**Instructions for the task**
Using the records that follow, work out how many lines hold the string "left" and provide that number only.

**Provided records**
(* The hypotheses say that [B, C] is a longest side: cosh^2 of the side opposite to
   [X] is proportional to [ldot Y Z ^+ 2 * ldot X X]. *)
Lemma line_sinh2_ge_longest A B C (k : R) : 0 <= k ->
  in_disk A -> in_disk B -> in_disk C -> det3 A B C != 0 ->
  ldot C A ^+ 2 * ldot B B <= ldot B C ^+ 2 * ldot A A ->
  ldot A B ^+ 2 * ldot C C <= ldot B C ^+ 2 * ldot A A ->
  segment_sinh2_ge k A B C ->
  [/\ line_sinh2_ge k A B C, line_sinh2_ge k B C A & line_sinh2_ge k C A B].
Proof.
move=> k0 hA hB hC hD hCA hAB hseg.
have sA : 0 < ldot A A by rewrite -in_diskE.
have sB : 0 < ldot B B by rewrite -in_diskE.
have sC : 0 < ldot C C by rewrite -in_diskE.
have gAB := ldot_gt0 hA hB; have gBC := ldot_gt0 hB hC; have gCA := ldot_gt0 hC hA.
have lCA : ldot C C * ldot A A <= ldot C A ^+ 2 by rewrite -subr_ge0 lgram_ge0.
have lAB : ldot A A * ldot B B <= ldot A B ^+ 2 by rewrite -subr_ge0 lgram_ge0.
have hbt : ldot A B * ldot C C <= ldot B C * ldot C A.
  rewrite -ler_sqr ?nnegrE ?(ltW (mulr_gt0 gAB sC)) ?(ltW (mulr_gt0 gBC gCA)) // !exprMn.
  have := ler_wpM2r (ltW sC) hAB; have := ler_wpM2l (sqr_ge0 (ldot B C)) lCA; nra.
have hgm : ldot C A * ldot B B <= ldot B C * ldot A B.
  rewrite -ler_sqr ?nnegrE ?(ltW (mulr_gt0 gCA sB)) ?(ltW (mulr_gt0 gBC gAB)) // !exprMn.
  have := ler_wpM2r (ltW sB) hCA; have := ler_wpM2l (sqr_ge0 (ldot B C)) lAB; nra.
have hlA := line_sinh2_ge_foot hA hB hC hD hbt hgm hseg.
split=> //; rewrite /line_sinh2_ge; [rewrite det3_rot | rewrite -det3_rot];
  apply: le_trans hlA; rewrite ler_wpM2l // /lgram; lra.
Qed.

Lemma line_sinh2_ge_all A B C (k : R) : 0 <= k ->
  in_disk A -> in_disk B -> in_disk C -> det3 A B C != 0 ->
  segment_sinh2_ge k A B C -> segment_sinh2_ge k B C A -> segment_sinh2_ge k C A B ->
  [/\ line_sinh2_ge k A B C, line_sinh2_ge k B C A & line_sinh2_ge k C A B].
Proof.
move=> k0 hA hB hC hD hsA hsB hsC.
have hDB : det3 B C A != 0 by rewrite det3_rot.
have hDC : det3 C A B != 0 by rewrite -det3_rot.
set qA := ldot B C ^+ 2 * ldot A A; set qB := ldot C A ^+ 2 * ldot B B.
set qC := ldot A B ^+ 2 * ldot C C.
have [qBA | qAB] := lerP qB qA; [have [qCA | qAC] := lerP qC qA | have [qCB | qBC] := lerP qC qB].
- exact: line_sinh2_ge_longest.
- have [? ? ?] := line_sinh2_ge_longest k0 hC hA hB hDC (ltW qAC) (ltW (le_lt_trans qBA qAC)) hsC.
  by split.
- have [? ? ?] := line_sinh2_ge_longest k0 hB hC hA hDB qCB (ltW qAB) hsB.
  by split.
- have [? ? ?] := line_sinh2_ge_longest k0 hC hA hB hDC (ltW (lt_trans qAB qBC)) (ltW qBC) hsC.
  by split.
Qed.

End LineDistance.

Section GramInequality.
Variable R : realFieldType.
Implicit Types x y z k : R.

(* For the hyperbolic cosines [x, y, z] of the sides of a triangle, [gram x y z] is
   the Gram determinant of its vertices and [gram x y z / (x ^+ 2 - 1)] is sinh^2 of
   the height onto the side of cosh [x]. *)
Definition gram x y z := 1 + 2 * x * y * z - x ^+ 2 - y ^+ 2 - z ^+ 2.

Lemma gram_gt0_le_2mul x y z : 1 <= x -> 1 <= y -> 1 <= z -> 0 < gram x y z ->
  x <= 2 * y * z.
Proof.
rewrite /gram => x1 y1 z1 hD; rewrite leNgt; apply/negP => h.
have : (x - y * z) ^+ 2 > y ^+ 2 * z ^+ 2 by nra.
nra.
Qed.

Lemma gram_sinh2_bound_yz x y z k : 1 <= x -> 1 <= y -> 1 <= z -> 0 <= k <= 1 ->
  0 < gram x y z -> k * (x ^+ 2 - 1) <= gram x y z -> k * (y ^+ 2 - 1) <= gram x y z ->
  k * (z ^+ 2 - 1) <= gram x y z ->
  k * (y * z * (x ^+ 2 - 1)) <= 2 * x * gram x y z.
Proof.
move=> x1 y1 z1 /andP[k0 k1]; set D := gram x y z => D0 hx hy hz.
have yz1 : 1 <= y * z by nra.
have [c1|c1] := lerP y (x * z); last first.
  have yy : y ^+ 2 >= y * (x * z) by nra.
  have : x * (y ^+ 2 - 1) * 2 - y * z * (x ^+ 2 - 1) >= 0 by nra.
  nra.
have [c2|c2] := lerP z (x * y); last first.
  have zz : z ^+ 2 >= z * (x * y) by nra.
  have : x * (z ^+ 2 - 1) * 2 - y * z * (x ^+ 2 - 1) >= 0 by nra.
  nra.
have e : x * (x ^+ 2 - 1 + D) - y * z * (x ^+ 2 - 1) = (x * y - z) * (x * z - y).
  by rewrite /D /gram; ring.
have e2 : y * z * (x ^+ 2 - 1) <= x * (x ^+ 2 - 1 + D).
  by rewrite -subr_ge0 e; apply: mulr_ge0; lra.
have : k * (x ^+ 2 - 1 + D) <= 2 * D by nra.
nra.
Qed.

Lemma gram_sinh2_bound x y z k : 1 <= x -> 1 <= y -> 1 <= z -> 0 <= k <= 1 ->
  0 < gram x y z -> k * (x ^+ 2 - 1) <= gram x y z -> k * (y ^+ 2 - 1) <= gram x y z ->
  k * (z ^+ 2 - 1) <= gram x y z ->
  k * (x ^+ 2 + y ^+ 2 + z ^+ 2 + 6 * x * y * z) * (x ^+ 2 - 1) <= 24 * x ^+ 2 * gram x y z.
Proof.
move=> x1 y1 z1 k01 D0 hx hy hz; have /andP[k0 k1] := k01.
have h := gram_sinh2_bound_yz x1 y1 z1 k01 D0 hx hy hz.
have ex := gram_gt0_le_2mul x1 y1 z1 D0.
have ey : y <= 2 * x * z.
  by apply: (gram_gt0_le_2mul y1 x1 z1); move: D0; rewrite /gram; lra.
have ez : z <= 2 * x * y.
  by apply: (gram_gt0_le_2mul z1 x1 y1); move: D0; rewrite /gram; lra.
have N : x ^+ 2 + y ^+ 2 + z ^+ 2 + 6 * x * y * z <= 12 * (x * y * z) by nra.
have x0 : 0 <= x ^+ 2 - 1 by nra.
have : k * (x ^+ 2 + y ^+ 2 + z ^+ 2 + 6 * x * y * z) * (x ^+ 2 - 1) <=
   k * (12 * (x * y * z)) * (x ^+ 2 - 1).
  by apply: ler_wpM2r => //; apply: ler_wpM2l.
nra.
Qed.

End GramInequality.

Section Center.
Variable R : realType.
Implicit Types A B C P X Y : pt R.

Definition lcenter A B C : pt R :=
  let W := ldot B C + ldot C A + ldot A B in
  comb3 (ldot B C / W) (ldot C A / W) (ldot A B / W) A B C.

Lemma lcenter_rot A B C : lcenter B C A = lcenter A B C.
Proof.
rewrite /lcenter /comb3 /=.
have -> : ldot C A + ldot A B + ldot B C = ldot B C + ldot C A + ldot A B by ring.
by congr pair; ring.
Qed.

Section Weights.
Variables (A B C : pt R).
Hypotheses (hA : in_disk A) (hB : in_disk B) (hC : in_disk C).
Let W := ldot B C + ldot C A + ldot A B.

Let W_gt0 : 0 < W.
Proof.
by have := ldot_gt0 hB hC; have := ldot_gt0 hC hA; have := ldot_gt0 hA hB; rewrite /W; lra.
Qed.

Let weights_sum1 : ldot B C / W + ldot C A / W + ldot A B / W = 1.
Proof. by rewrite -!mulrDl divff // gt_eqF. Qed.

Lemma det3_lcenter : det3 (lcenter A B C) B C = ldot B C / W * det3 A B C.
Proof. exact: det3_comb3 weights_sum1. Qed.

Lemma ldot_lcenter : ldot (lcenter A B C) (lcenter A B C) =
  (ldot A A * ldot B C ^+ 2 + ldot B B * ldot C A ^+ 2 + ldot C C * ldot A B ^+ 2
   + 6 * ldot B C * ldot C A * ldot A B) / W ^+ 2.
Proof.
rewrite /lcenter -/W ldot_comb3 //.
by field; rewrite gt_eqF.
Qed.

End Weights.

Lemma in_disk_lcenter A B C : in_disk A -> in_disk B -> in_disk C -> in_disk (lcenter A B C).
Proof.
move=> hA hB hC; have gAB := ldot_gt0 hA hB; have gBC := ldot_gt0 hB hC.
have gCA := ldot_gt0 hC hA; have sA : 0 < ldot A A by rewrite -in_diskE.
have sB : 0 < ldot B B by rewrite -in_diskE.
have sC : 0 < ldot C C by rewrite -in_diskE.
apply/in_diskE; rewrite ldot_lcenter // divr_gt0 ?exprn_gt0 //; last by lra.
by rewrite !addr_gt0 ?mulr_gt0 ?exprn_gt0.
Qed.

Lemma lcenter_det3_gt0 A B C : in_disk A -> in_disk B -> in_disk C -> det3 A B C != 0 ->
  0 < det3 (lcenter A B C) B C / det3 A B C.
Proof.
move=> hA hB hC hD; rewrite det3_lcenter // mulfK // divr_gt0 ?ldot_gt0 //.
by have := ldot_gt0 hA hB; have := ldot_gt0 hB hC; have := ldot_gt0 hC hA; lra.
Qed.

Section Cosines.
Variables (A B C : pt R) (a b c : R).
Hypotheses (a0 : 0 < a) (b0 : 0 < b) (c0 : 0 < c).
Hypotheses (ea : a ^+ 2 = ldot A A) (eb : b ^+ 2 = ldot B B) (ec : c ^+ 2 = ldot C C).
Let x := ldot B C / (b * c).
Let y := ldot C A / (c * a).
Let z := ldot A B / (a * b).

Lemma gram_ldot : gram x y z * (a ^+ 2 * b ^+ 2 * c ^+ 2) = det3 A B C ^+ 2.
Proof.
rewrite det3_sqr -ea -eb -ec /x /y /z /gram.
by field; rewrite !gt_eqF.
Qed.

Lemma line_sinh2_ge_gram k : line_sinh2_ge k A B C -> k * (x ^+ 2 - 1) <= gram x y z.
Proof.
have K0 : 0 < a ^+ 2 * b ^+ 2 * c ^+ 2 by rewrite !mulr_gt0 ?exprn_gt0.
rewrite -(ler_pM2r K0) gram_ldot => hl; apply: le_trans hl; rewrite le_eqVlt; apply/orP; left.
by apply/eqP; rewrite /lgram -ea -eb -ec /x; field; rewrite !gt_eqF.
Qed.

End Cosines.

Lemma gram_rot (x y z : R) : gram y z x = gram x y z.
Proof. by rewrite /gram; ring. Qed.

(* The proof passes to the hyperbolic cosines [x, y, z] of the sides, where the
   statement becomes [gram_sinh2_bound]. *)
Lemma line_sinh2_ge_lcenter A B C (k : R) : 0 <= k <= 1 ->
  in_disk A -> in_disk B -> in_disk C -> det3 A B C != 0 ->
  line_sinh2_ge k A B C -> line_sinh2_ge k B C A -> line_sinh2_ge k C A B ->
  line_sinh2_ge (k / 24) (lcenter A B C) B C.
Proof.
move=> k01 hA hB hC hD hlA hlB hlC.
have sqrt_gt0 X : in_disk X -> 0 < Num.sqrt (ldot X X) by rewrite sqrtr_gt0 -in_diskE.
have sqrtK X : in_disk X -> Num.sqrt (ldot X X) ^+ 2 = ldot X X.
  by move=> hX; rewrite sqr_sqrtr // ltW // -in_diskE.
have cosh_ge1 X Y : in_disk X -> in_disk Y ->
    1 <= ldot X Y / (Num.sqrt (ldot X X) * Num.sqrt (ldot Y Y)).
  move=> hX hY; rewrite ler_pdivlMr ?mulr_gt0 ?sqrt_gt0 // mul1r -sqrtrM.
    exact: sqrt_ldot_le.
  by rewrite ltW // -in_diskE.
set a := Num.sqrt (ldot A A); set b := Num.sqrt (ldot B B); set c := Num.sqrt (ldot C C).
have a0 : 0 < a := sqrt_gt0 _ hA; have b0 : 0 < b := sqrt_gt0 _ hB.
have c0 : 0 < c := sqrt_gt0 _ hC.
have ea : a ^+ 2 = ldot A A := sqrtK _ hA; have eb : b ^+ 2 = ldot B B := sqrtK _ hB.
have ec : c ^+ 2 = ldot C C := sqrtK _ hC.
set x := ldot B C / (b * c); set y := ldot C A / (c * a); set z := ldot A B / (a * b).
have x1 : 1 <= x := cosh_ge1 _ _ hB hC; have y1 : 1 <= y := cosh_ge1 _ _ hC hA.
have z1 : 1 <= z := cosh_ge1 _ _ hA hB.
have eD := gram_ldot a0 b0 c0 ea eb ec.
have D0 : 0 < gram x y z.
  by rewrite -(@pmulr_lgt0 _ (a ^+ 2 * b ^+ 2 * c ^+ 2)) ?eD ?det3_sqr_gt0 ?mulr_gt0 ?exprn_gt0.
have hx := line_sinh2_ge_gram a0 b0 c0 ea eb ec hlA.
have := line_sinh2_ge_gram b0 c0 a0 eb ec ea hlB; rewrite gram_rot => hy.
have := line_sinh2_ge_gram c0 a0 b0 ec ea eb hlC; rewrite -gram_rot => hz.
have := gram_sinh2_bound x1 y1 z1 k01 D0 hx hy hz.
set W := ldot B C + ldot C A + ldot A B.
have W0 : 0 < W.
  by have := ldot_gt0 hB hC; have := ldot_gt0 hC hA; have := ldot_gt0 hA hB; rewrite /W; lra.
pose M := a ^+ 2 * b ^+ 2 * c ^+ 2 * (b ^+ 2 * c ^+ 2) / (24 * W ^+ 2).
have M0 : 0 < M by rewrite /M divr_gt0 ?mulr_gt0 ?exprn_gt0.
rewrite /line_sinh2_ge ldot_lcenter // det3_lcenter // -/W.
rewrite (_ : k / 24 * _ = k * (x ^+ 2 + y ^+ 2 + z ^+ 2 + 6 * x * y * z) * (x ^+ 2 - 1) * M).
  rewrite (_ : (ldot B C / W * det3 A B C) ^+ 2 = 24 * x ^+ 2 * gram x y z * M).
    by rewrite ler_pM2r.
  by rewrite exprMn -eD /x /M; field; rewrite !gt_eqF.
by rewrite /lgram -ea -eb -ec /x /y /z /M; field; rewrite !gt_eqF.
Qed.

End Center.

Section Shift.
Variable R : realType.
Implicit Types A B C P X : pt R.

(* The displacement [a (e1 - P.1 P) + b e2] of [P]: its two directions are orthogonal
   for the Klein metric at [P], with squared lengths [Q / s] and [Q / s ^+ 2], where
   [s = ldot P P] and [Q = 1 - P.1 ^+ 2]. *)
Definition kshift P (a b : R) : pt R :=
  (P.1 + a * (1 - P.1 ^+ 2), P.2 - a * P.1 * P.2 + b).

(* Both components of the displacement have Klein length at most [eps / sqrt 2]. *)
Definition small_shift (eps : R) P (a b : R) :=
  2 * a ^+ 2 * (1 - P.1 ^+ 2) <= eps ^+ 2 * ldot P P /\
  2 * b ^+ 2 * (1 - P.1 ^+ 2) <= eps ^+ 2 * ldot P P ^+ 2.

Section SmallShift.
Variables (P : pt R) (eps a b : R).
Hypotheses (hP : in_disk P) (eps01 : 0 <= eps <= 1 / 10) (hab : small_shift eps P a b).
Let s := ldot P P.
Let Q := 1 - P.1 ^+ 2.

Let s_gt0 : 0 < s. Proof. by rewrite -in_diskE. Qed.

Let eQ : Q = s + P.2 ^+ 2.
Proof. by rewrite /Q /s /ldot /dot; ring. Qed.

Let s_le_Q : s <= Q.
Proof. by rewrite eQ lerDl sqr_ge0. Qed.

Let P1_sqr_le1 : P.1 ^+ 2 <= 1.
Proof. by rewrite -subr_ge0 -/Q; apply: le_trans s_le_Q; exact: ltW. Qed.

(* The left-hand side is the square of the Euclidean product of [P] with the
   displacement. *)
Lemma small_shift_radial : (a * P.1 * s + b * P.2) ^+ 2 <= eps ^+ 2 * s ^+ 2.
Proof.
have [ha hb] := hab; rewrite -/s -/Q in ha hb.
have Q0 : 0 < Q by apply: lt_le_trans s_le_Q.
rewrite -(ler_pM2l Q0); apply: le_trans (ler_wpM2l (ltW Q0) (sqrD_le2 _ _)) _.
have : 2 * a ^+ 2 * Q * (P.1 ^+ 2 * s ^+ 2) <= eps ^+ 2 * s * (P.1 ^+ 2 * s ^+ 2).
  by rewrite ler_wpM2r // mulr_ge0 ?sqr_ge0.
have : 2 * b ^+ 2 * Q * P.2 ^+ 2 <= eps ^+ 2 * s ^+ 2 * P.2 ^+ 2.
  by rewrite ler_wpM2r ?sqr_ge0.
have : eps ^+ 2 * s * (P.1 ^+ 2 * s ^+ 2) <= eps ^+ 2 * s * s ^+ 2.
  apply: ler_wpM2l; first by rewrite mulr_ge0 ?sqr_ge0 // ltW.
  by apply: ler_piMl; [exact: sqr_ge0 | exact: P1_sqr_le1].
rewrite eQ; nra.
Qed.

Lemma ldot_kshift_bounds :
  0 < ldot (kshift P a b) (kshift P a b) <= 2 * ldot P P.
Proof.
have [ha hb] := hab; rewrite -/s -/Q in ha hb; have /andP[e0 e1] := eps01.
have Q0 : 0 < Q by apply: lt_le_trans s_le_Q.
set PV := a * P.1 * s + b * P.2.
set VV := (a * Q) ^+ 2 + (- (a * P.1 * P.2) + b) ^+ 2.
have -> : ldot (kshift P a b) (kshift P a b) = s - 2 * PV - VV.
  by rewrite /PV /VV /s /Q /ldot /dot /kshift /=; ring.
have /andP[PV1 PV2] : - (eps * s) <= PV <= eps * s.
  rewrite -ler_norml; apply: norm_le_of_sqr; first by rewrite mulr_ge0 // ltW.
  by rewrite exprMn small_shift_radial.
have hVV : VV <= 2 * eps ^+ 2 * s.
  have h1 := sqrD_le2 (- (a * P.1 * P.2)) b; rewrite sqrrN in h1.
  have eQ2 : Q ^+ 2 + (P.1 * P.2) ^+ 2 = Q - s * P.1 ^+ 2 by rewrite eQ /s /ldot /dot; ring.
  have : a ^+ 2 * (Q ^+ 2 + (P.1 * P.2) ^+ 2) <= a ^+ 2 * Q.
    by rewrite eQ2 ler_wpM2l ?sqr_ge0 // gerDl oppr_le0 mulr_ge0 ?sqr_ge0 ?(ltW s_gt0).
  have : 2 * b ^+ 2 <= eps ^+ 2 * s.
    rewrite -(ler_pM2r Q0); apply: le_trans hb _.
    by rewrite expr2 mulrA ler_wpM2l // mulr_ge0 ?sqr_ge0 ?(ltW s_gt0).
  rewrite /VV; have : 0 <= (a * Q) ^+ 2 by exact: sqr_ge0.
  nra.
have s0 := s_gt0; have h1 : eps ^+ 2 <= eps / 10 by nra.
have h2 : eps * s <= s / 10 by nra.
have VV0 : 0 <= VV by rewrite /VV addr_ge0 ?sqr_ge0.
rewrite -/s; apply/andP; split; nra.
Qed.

**The completed task**
2